Laadpalen zijn relatief goedkoop en staat technologisch op punt. Verder zijn consumenten vertrouwd met het systeem om elektrische toestellen via het net op te laden. Oplaadpalen kennen een eenvoudige werking en zijn efficiënt. Een van de aandachtspunten voor laadpalen is veiligheid. Zo zullen de stroomkabels regelmatig gecontroleerd moeten worden op beschadigingen en kan er bij een foutieve aansluiting gevaar ontstaan. Verder is de gebruikservaring niet optimaal. Er is een manuele handeling van de gebruiker vereist om de batterij te laden en de laadsnelheid via een normale laadpaal is erg traag (4-8 uur). Snellaadpalen kunnen deze gebruikssnelheid verhogen, maar zijn naast erg duur, nadelig voor de levensduur van de batterij.

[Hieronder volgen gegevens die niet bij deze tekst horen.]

Lemma refute_AndR l a b :
  refutable_below (measure l (And a b)) -> ~ G4iSLt l (And a b) ->
  Refutable l (And a b).
Proof.
  intros IH NP. pose proof (weight_ge3 a) as Wa; pose proof (weight_ge3 b) as Wb.
  assert (Hd : exists d, (d = a \/ d = b) /\ ~ G4iSLt l d).
  { destruct (classic (G4iSLt l a)) as [Pa | nPa]; [| eauto].
    exists b; split; auto. intro Pb; apply NP, AndR; auto. }
  destruct Hd as [d [Hd nPd]].
  destruct (IH l d) as [M [w [H1 H2]]]; auto.
  - unfold measure; destruct Hd; subst; cbn [weight]; nia.
  - exists M, w; split; auto. intros [Ha Hb]; destruct Hd; subst; auto.
Qed.

Lemma refute_ImpR l a b :
  refutable_below (measure l (Imp a b)) -> ~ G4iSLt l (Imp a b) ->
  Refutable l (Imp a b).
Proof.
  intros IH NP. pose proof (weight_ge3 a) as Wa; pose proof (weight_ge3 b) as Wb.
  destruct (IH (a :: l) b) as [M [w [H1 H2]]].
  - unfold measure; cbn [ctx_weight weight]; nia.
  - intro P; apply NP, ImpR; auto.
  - exists M, w; split; [intros f Hf; apply H1; simpl; auto |].
    intro H. apply H2, (H w (kle_refl _ _)), H1. simpl; auto.
Qed.

Lemma refute_by_glue l c extra :
  refutable_below (measure l c) -> ~ G4iSLt l c -> saturated l ->
  (forall x, In x extra -> fits l x) ->
  (forall subs, goal_refuted l (extra ++ subs) c) -> Refutable l c.
Proof.
  intros IH NP Hsat Hextra Hgoal.
  destruct (successors l c IH NP) as [C | [subs [Hfit Hcov]]]; auto.
  apply (glue_refutes _ _ (extra ++ subs)); auto using covers_app.
  intros x Hx; apply in_app_or in Hx; destruct Hx; auto.
Qed.

(* ∨R: countermodels of both l ⇒ a and l ⇒ b are glued below a common root. *)
Lemma refute_OrR l a b :
  refutable_below (measure l (Or a b)) -> ~ G4iSLt l (Or a b) -> saturated l ->
  Refutable l (Or a b).
Proof.
  intros IH NP Hsat. pose proof (weight_ge3 a) as Wa; pose proof (weight_ge3 b) as Wb.
  destruct (IH l a) as [Ma [wa [H1a H2a]]];
    [unfold measure; cbn [weight]; nia | intro P; apply NP, OrR1, P |].
  destruct (IH l b) as [Mb [wb [H1b H2b]]];
    [unfold measure; cbn [weight]; nia | intro P; apply NP, OrR2, P |].
  apply (refute_by_glue _ _ [mkSub Ma wa false; mkSub Mb wb false]); auto.
  - intros x [<- | [<- | []]]; apply fits_of_forces_all; auto.
  - intros subs; split; [exists (mkSub Ma wa false) | exists (mkSub Mb wb false)];
      simpl; auto.
Qed.

(* SLtR: with l = Φ, □G, a countermodel of Φ, G, □a ⇒ a is glued as a boxed
   point. *)
Lemma refute_BoxR l a :
  refutable_below (measure l (Box a)) -> ~ G4iSLt l (Box a) -> saturated l ->
  Refutable l (Box a).
Proof.
  intros IH NP Hsat. pose proof (weight_ge3 a) as Wa.
  destruct (boxes_split l) as [Phi [G [Hb Hp]]].
  pose proof (ctx_weight_unbox G) as WG.
  destruct (IH (Phi ++ G ++ [Box a]) a) as [M [w [H1 H2]]].
  { unfold measure; rewrite (ctx_weight_perm _ _ Hp), !ctx_weight_app.
    cbn [ctx_weight weight]; nia. }
  { intro P; apply NP; eapply SLtR; eauto. }
  apply (refute_by_glue _ _ [mkSub M w true]); auto.
  - intros x [<- | []]. apply (fits_of_unboxed _ _ _ _ Hb Hp); auto.
    intros f Hf; apply H1; apply in_app_iff in Hf; rewrite !in_app_iff; tauto.
  - intros subs; exists (mkSub M w true); simpl; auto.
Qed.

Experts zien weinig potentieel op korte termijn voor het laden van EV via batterijwisselstations. Dergelijke stations vragen een hoge investering (in infrastructuur en in batterijvoorraad), zijn erg standaardafhankelijk en moeilijk aanpasbaar bij technologische veranderingen.  Bovendien is een continue controle van de kwaliteit van de batterijen vereist. Gebruikers die een batterij van inferieure kwaliteit in de wagen geplaatst krijgen en na enkele kilometers stilvallen, zullen het wisselstation verantwoordelijk stellen. Aan de andere kant zijn dergelijke wisselsystemen extreem snel en veilig. Bovendien zorgt het voor een ongeziene gebruikservaring, die zelf hoger is dan de huidige manier van tanken. Doordat de batterijen centraal gestockeerd worden kunnen deze op zeer efficiënte wijze worden geladen.

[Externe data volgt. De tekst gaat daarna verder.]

(* Consider the case of independent observations $X_t=\mathbf{A}_0Z_t$, so that the limiting spectral distribution of $\Sigma=\mathrm{Var}(X_t)$ is $F^{\Sigma}=\sum_{j=1}^J\omega_j^0\delta_{\lambda_j^0}$ with $\boldsymbol\omega^0\in\Delta^J$ and distinct nonnegative reals $\lambda_1^0,\dots,\lambda_J^0$; here the coordinate spectral densities are constant: $h(\lambda_j^0,\theta)\equiv\lambda_j^0$. Let $p/n\to c\in(0,\infty)$, let $\mathcal{G}=\{g_0\}$ with $g_0(\theta)\equiv1$, and let $\mathcal{Z}=\{z_1,\dots,z_D\}$ be a finite set of points in a closed bounded subset of $\mathbb{C}^+$ with $D\ge J$ and $z_1,\dots,z_D$ distinct. Let $\mathbf{B}$ be any $J\times(J-1)$ matrix of rank $J-1$ with $\mathbf{B}^T\mathbf{1}_J=0$. Then $\mathbf{B}^T\mathcal{M}_{\mathcal{G},\mathcal{Z}}(\boldsymbol\Lambda_J^0,\boldsymbol\omega^0)\mathbf{B}$ is positive definite, where $$\mathcal{M}_{\mathcal{G},\mathcal{Z}}(\boldsymbol\Lambda_J^0,\boldsymbol\omega^0)=\frac{1}{|\mathcal{Z}|}\sum_{z\in\mathcal{Z}}\Big(\frac{1}{2\pi}\int_0^{2\pi}\frac{\mathbf{v}^0(z)\,d\theta}{(cM^0(z)-z)^2}\Big)\Big(\frac{1}{2\pi}\int_0^{2\pi}\frac{\mathbf{v}^0(z)\,d\theta}{(cM^0(z)-z)^2}\Big)^*,$$ with $\mathbf{v}^0(z)=\big(\lambda_j^0/(1+K^0(\lambda_j^0,z))\big)_{j=1}^J$ and $M^0(z)=\sum_{j=1}^J\omega_j^0\lambda_j^0/(1+K^0(\lambda_j^0,z))$.
   Context: $\Delta^J=\{\mathbf{x}\in\mathbb{R}^J:x_j\ge0,\sum_jx_j=1\}$, $\mathbb{C}^+=\{z:\Im z>0\}$. $K^0$ and $M^0$ are the limiting objects for $g_0\equiv1$: $K^0(\lambda,z)=\frac{1}{2\pi}\int_0^{2\pi}\frac{\lambda\,d\theta}{cM^0(z)-z}=\lambda S^0(z)$ where $S^0(z)=\frac{1}{cM^0(z)-z}$ is the Stieltjes transform of the limiting spectral distribution of $\frac1n\tilde{\mathbf{X}}_n^*\tilde{\mathbf{X}}_n$ (equivalently of the $n\times n$ companion of the sample covariance matrix) under the true distribution $\sum_j\omega_j^0\delta_{\lambda_j^0}$, and $K^0(\lambda,\cdot)$ is required to be a Stieltjes transform of a measure of total mass $\lambda$. This is the matrix whose positive definiteness (after compression by $\mathbf{B}$) is a sufficient condition for consistency of the $L^2$ minimum-Stieltjes-distance estimator of the weights $\boldsymbol\omega^0$. *)

From HB Require Import structures.
From mathcomp Require Import all_boot all_order all_algebra.
From mathcomp Require Import all_classical all_reals all_analysis.
From mathcomp Require Import complex.
Set Implicit Arguments. Unset Strict Implicit. Unset Printing Implicit Defensive.
Import Order.TTheory GRing.Theory Num.Theory.
Local Open Scope ring_scope.
Local Open Scope complex_scope.

Section Defs.
Variable R : realType.
Local Notation C := R[i].

(* (1/2pi) int_0^{2pi} dtheta : the theta-average of a theta-independent
   integrand (here the coordinate spectral densities and g_0 are constant). *)
Definition theta_avg : R :=
  (2 * pi)^-1 * \int[@lebesgue_measure R]_(x in `[0%R, 2 * pi]%classic) (1 : R).

(* M^0(z) as a function of S = S^0(z), using K^0(lambda,z) = lambda S^0(z). *)
Definition M0 (J : nat) (lam om : 'I_J -> R) (S : C) : C :=
  \sum_(j < J) (om j)%:C * (lam j)%:C / (1 + (lam j)%:C * S).

(* S0 is the Stieltjes transform of the LSD of the n x n companion matrix:
   for each z in C^+, S0 z lies in C^+ and S0 z = 1/(c M^0(z) - z)
   (Silverstein-Choi: this determines S0 z uniquely). *)
Definition is_S0 (c : R) (J : nat) (lam om : 'I_J -> R) (S0 : C -> C) : Prop :=
  forall z : C, 0 < Im z ->
    0 < Im (S0 z) /\ S0 z = (c%:C * M0 lam om (S0 z) - z)^-1.

Definition v0 (J : nat) (lam : 'I_J -> R) (S : C) : 'cV[C]_J :=
  \col_(j < J) ((lam j)%:C / (1 + (lam j)%:C * S)).

Definition u0 (c : R) (J : nat) (lam om : 'I_J -> R) (S0 : C -> C) (z : C)
  : 'cV[C]_J :=
  ((theta_avg%:C) / (c%:C * M0 lam om (S0 z) - z) ^+ 2) *: v0 lam (S0 z).

Definition adjmx (m n : nat) (A : 'M[C]_(m, n)) : 'M[C]_(n, m) :=
  (map_mx conjc A)^T.

Definition calM (c : R) (J D : nat) (lam om : 'I_J -> R) (S0 : C -> C)
  (z : 'I_D -> C) : 'M[C]_J :=
  (D%:R)^-1 *: \sum_(d < D) (u0 c lam om S0 (z d) *m adjmx (u0 c lam om S0 (z d))).

Definition posdef (n : nat) (A : 'M[C]_n) : Prop :=
  adjmx A = A /\
  forall x : 'cV[C]_n, x != 0 -> 0 < (adjmx x *m A *m x) 0 0.

End Defs.

From HB Require Import structures.
From mathcomp Require Import all_boot all_order all_algebra.
From mathcomp Require Import all_classical all_reals all_analysis.
From mathcomp Require Import complex ring zify.
Set Implicit Arguments. Unset Strict Implicit. Unset Printing Implicit Defensive.
Import Order.TTheory GRing.Theory Num.Theory.
Local Open Scope ring_scope.
Local Open Scope complex_scope.

(* Since theta_avg = 1, calM = D^-1 * sum_d u_d u_d^* where u_d is a nonzero
   multiple of v^0(z_d); so for y = B x the quadratic form is
   D^-1 * sum_d |u_d^* y|^2, and y <> 0 (B has full column rank) with
   sum_j y_j = 0 (B^T 1 = 0).  If every u_d^* y vanished, the rational function
   sum_j conj(y_j) lam_j / (1 + lam_j S) would vanish at the D >= J distinct
   points S^0(z_d) (S^0 is injective on C^+ since z = c M^0(S) - 1/S).  Its
   numerator over prod_j (1 + lam_j S) has degree < J, hence is zero;
   evaluating it at the poles -1/lam_j forces y_j = 0 whenever lam_j <> 0, and
   the at most one remaining coordinate is killed by sum_j y_j = 0. *)

Section PartialFractions.
Variables (F : fieldType) (J : nat) (lam a : 'I_J -> F).

Definition pf_numer : {poly F} :=
  \sum_(j < J) (a j * lam j) *: \prod_(k < J | k != j) (1 + lam k *: 'X).

Lemma size_pf_numer : (size pf_numer <= J)%N.
Proof.
apply: leq_trans (size_sum _ _ _) _; apply/bigmax_leqP => j _.
apply: leq_trans (size_scale_leq _ _) _.
apply: leq_trans (size_poly_prod_leq _ _) _.
have size_factor k : (size ((1 + lam k *: 'X)%R : {poly F}) <= 2)%N.
  apply: leq_trans (size_polyD _ _) _.
  by rewrite geq_max size_poly1 (leq_trans (size_scale_leq _ _)) ?size_polyX.
have : (\sum_(k | k != j) size ((1 + lam k *: 'X)%R : {poly F})
         <= \sum_(k | k != j) 2)%N by apply: leq_sum => k _.
rewrite sum_nat_const cardC1 card_ord.
by move: (\sum_(k | _) _) (ltn_ord j) => s; lia.
Qed.

Lemma horner_pf_numer t : (forall k, 1 + lam k * t != 0) ->
  pf_numer.[t] =
  (\prod_k (1 + lam k * t)) * \sum_j a j * (lam j / (1 + lam j * t)).
Proof.
move=> t_ok; rewrite horner_sum mulr_sumr; apply: eq_bigr => j _.
rewrite hornerZ horner_prod [in RHS](bigD1 j) //=.
under eq_bigr => k _ do rewrite hornerD hornerC hornerZ hornerX.
by move: (\prod_(k | _) _) (t_ok j) => P tj; field.
Qed.

Lemma pf_numer_eq0 : injective lam -> pf_numer = 0 ->
  forall j, lam j != 0 -> a j = 0.
Proof.
move=> lam_inj Q0 j lj.
have := congr1 (horner^~ (- (lam j)^-1)) Q0.
rewrite /= horner0 horner_sum (bigD1 j) //= [X in _ + X]big1 ?addr0; last first.
  move=> k kj; rewrite hornerZ horner_prod (bigD1 j) 1?eq_sym //=.
  by rewrite hornerD hornerC hornerZ hornerX mulrN mulfV // subrr mul0r mulr0.
rewrite hornerZ horner_prod => /eqP; rewrite !mulf_eq0 (negbTE lj) orbF.
case/orP => [/eqP //|]; rewrite prodf_seq_eq0 => /hasP [k _ /andP [kj]].
rewrite hornerD hornerC hornerZ hornerX mulrN addr_eq0 opprK => /eqP lk.
have : lam k = lam j by rewrite -[lam k]mulr1 -(mulVf lj) mulrA -lk mul1r.
by move/lam_inj/eqP; rewrite (negbTE kj).
Qed.

Lemma partial_fractions_free (D : nat) (s : 'I_D -> F) :
  injective lam -> (J <= D)%N -> injective s ->
  (forall k d, 1 + lam k * s d != 0) ->
  \sum_j a j = 0 ->
  (forall d, \sum_j a j * (lam j / (1 + lam j * s d)) = 0) ->
  forall j, a j = 0.
Proof.
move=> lam_inj JD s_inj s_ok sum_a pf_s.
have Q0 : pf_numer = 0.
  apply/eqP/negPn/negP => nz.
  have := max_poly_roots nz (rs := [seq s d | d <- enum 'I_D]).
  rewrite map_inj_uniq ?enum_uniq // size_map size_enum_ord.
  have -> : all (root pf_numer) [seq s d | d <- enum 'I_D].
    apply/allP => _ /mapP [d _ ->].
    by rewrite /root horner_pf_numer // pf_s mulr0.
  move=> /(_ isT isT) DJ.
  by have := leq_ltn_trans JD (leq_trans DJ size_pf_numer); rewrite ltnn.
have a_nz_pole := pf_numer_eq0 lam_inj Q0.
move=> i; have [li|] := eqVneq (lam i) 0; last exact: a_nz_pole.
move: sum_a; rewrite (bigD1 i) //= big1 ?addr0 // => j ji.
by apply: a_nz_pole; rewrite -li; apply: contra ji => /eqP/lam_inj ->.
Qed.

End PartialFractions.

Section Adjoint.
Variable R : realType.
Local Notation C := R[i].
Local Notation realmx B := (map_mx (fun r : R => r%:C) B).

Lemma adjmxE m n (A : 'M[C]_(m, n)) i j : adjmx A i j = conjc (A j i).
Proof. by rewrite !mxE. Qed.

Lemma adjmxK m n (A : 'M[C]_(m, n)) : adjmx (adjmx A) = A.
Proof. by apply/matrixP => i j; rewrite !adjmxE conjcK. Qed.

Lemma adjmxM m n p (A : 'M[C]_(m, n)) (B : 'M[C]_(n, p)) :
  adjmx (A *m B) = adjmx B *m adjmx A.
Proof. by rewrite /adjmx map_mxM trmx_mul. Qed.

Lemma adjmxZ m n (k : C) (A : 'M[C]_(m, n)) :
  adjmx (k *: A) = conjc k *: adjmx A.
Proof. by apply/matrixP => i j; rewrite !mxE rmorphM. Qed.

Lemma adjmx_sum m n I (r : seq I) (F : I -> 'M[C]_(m, n)) :
  adjmx (\sum_(i <- r) F i) = \sum_(i <- r) adjmx (F i).
Proof. by rewrite /adjmx map_mx_sum raddf_sum. Qed.

Lemma adjmx_real m n (B : 'M[R]_(m, n)) : adjmx (realmx B) = realmx B^T.
Proof. by apply/matrixP => i j; rewrite adjmxE !mxE conjc_real. Qed.

Lemma adjmx_mul_col n (u y : 'cV[C]_n) :
  (adjmx u *m y) 0 0 = conjc (\sum_j u j 0 * conjc (y j 0)).
Proof.
rewrite mxE rmorph_sum; apply: eq_bigr => j _.
by rewrite adjmxE rmorphM /= conjcK.
Qed.

Lemma gram_hermitian n D (k : C) (u : 'I_D -> 'cV[C]_n) : conjc k = k ->
  adjmx (k *: \sum_d u d *m adjmx (u d)) = k *: \sum_d u d *m adjmx (u d).
Proof.
move=> k_real; rewrite adjmxZ k_real adjmx_sum; congr (_ *: _).
by apply: eq_bigr => d _; rewrite adjmxM adjmxK.
Qed.

Lemma gram_formE n D (k : C) (u : 'I_D -> 'cV[C]_n) (y : 'cV[C]_n) :
  (adjmx y *m (k *: \sum_d u d *m adjmx (u d)) *m y) 0 0
  = k * \sum_d `|(adjmx (u d) *m y) 0 0| ^+ 2.
Proof.
rewrite -scalemxAr -scalemxAl mulmx_sumr mulmx_suml mxE summxE; congr (_ * _).
apply: eq_bigr => d _; rewrite mulmxA -(mulmxA _ _ y) sqr_normc.
rewrite -[adjmx y *m u d]adjmxK adjmxM adjmxK [LHS]mxE big_ord1 adjmxE.
by rewrite mulrC [ord0]ord1.
Qed.

Lemma gram_form_gt0 n D (u : 'I_D -> 'cV[C]_n) (y : 'cV[C]_n) d :
  (adjmx (u d) *m y) 0 0 != 0 ->
  0 < (adjmx y *m (D%:R^-1 *: \sum_d u d *m adjmx (u d)) *m y) 0 0.
Proof.
move=> ud; have D_gt0 : (0 < D)%N := leq_ltn_trans (leq0n d) (ltn_ord d).
rewrite gram_formE mulr_gt0 ?invr_gt0 ?ltr0n //.
rewrite (bigD1 d) //= ltr_wpDr ?exprn_gt0 ?normr_gt0 //.
by apply: sumr_ge0 => e _; apply: exprn_ge0.
Qed.

Lemma realmx_mul_eq0 n m (B : 'M[R]_(n, m)) (x : 'cV[C]_m) :
  \rank B = m -> (realmx B *m x == 0) = (x == 0).
Proof.
move=> rkB; have free_Bt : row_free (realmx B)^T.
  by rewrite /row_free mxrank_tr mxrank_map rkB.
by rewrite -trmx_eq0 trmx_mul mulmx_free_eq0 // trmx_eq0.
Qed.

Lemma sum_realmx_mul n m (B : 'M[R]_(n, m)) (x : 'cV[C]_m) :
  B^T *m (const_mx 1 : 'cV[R]_n) = 0 -> \sum_j (realmx B *m x) j 0 = 0.
Proof.
move=> B1; under eq_bigr => j _ do rewrite mxE.
rewrite exchange_big big1 // => i _; under eq_bigr => j _ do rewrite mxE.
have sumB : \sum_j B j i = 0.
  have := congr1 (fun A : 'cV[R]_m => A i 0) B1; rewrite /= !mxE => sumB.
  by rewrite -[RHS]sumB; apply: eq_bigr => j _; rewrite !mxE mulr1.
by rewrite -mulr_suml -rmorph_sum sumB mul0r.
Qed.

Lemma posdef_compress n m (A : 'M[C]_n) (B : 'M[R]_(n, m))
    (P : 'cV[C]_n -> Prop) :
  adjmx A = A -> \rank B = m ->
  (forall x, P (realmx B *m x)) ->
  (forall y, P y -> y != 0 -> 0 < (adjmx y *m A *m y) 0 0) ->
  posdef (realmx B^T *m A *m realmx B).
Proof.
move=> A_herm rkB PB A_pos; split.
  by rewrite !adjmxM !adjmx_real trmxK A_herm mulmxA.
move=> x x0; have -> : adjmx x *m (realmx B^T *m A *m realmx B) *m x
                       = adjmx (realmx B *m x) *m A *m (realmx B *m x).
  by rewrite adjmxM adjmx_real !mulmxA.
by apply: A_pos; [exact: PB | rewrite realmx_mul_eq0].
Qed.

End Adjoint.

Section Stieltjes.
Variable R : realType.
Local Notation C := R[i].

Lemma theta_avg1 : theta_avg R = 1.
Proof.
have pi2_gt0 : (0 < 2 * pi :> R) by rewrite mulr_gt0 ?pi_gt0.
rewrite /theta_avg Rintegral_cst; last exact: measurable_itv.
have := lebesgue_measure_itv (`[0%R, 2 * pi]%R : interval R).
rewrite /= lte_fin pi2_gt0 => ->.
by rewrite /= subr0 mul1r mulVf ?gt_eqF.
Qed.

Lemma oneD_realM_neq0 (l : R) (S : C) : 0 < 'Im S -> 1 + l%:C * S != 0.
Proof.
move=> S_im; apply: contraTneq S_im => lS0.
have l0 : l != 0 by apply: contra_eq_neq lS0 => ->; rewrite mul0r addr0 oner_neq0.
have -> : S = (- l^-1)%:C.
  have lC : l%:C != 0 by rewrite fmorph_eq0.
  apply: (mulfI lC).
  rewrite -rmorphM mulrN mulfV // rmorphN.
  by apply/eqP; rewrite -addr_eq0 addrC lS0.
by rewrite -complexIm /= ltxx.
Qed.

Variables (c : R) (J : nat) (lam om : 'I_J -> R) (S0 : C -> C).
Hypothesis S0_spec : is_S0 c lam om S0.

Lemma is_S0_denom_neq0 z : 0 < 'Im z -> c%:C * M0 lam om (S0 z) - z != 0.
Proof.
move=> z_im; have [S_im S_eq] := S0_spec z_im.
by apply: contraTneq S_im => denom0; rewrite S_eq denom0 invr0 -complexIm ltxx.
Qed.

Lemma is_S0_inj : {in [pred z | 0 < 'Im z] &, injective S0}.
Proof.
move=> z w z_im w_im Szw.
have [_ Sz] := S0_spec z_im; have [_ Sw] := S0_spec w_im.
apply/oppr_inj/(addrI (c%:C * M0 lam om (S0 z))).
by rewrite -[LHS]invrK -Sz Szw [in LHS]Sw invrK.
Qed.

End Stieltjes.

Section CalM.
Variable R : realType.
Local Notation C := R[i].
Variables (c : R) (J D : nat) (lam om : 'I_J -> R) (S0 : C -> C) (z : 'I_D -> C).

Lemma calM_hermitian : adjmx (calM c lam om S0 z) = calM c lam om S0 z.
Proof. by apply: gram_hermitian; rewrite conjc_inv conjc_nat. Qed.

Hypotheses (lam_inj : injective lam) (S0_spec : is_S0 c lam om S0).
Hypotheses (JD : (J <= D)%N) (z_inj : injective z) (z_im : forall d, 0 < 'Im (z d)).

Lemma u0_orthogonal_eq0 (y : 'cV[C]_J) :
  \sum_j y j 0 = 0 -> (forall d, (adjmx (u0 c lam om S0 (z d)) *m y) 0 0 = 0) ->
  y = 0.
Proof.
move=> sum_y orth.
have lamC_inj : injective (fun j => (lam j)%:C) by move=> i j /complexI/lam_inj.
have S0z_inj : injective (S0 \o z).
  by move=> d e /(is_S0_inj S0_spec (z_im d) (z_im e))/z_inj.
have denom_neq0 k d : 1 + (lam k)%:C * (S0 \o z) d != 0.
  exact/oneD_realM_neq0/(S0_spec (z_im d)).1.
have pf_y d :
    \sum_j conjc (y j 0) * ((lam j)%:C / (1 + (lam j)%:C * (S0 \o z) d)) = 0.
  have u0_neq0 : (theta_avg R)%:C / (c%:C * M0 lam om (S0 (z d)) - z d) ^+ 2 != 0.
    by rewrite theta_avg1 mul1r invr_eq0 expf_neq0 ?is_S0_denom_neq0.
  have /eqP := orth d; rewrite adjmx_mul_col conjc_eq0 => /eqP orth_d.
  apply: (mulfI u0_neq0); rewrite mulr0 mulr_sumr -[RHS]orth_d.
  apply: eq_bigr => j _; rewrite !mxE -[RHS]mulrA; congr (_ * _); exact: mulrC.
have conj_y0 := partial_fractions_free lamC_inj JD S0z_inj denom_neq0 _ pf_y.
apply/matrixP => j i; rewrite ord1 mxE -[y j 0]conjcK conj_y0 ?rmorph0 //.
by rewrite -rmorph_sum sum_y rmorph0.
Qed.

Lemma calM_form_gt0 (y : 'cV[C]_J) : y != 0 -> \sum_j y j 0 = 0 ->
  0 < (adjmx y *m calM c lam om S0 z *m y) 0 0.
Proof.
move=> y_neq0 sum_y.
have [d u0_y | orth] :=
  pickP (fun d => (adjmx (u0 c lam om S0 (z d)) *m y) 0 0 != 0).
  exact: gram_form_gt0 u0_y.
by case/eqP: y_neq0; apply: u0_orthogonal_eq0 => // d; apply/eqP/negbFE/orth.
Qed.

End CalM.

Theorem proposition1 (R : realType) (J D : nat) (c : R)
  (lam om : 'I_J -> R) (S0 : R[i] -> R[i]) (z : 'I_D -> R[i])
  (B : 'M[R]_(J, J.-1)) :
  0 < c ->
  (forall j, 0 <= om j) -> \sum_(j < J) om j = 1 ->
  (forall j, 0 <= lam j) -> injective lam ->
  is_S0 c lam om S0 ->
  (J <= D)%N -> injective z -> (forall d, 0 < Im (z d)) ->
  \rank B = J.-1 -> B^T *m (const_mx 1 : 'cV[R]_J) = 0 ->
  posdef (map_mx (fun r : R => r%:C) B^T *m calM c lam om S0 z
          *m map_mx (fun r : R => r%:C) B).
Proof.
move=> _ _ _ _ lam_inj S0_spec JD z_inj z_im rkB B1.
apply: (posdef_compress (P := fun y => \sum_j y j 0 = 0)) => //.
- exact: calM_hermitian.
- by move=> x; apply: sum_realmx_mul.
- by move=> y sum_y y_neq0; apply: calM_form_gt0.
Qed.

Op middellange termijn zijn er mogelijkheden om EV via draadloze laadtechnieken te laden. De gebruikservaring bij draadloos laden is erg hoog. Automobilisten kunnen de wagen laden zonder al te veel handelingen. Dit verhoogt de veiligheid naar de gebruiker toe. Doordat er geen rechtsreeks contact vereist is, is er weinig gevaar voor elektrocutie. Daarnaast zijn draadloze laadsystemen erg onderhoudsvriendelijk. Er is weinig slijtage van de onderdelen doordat er geen rechtstreeks contact ontstaat tussen zender en ontvanger. Verder onderzoek is noodzakelijk om de efficiëntie te verbeteren en de opgewekte straling te beperken. Belangrijk om op te merken is dat draadloos laden, het als enige laadtechniek mogelijk maakt de wagen dynamisch te laden. Op die manier kan er energie verzonden worden naar het EV tijdens het rijden.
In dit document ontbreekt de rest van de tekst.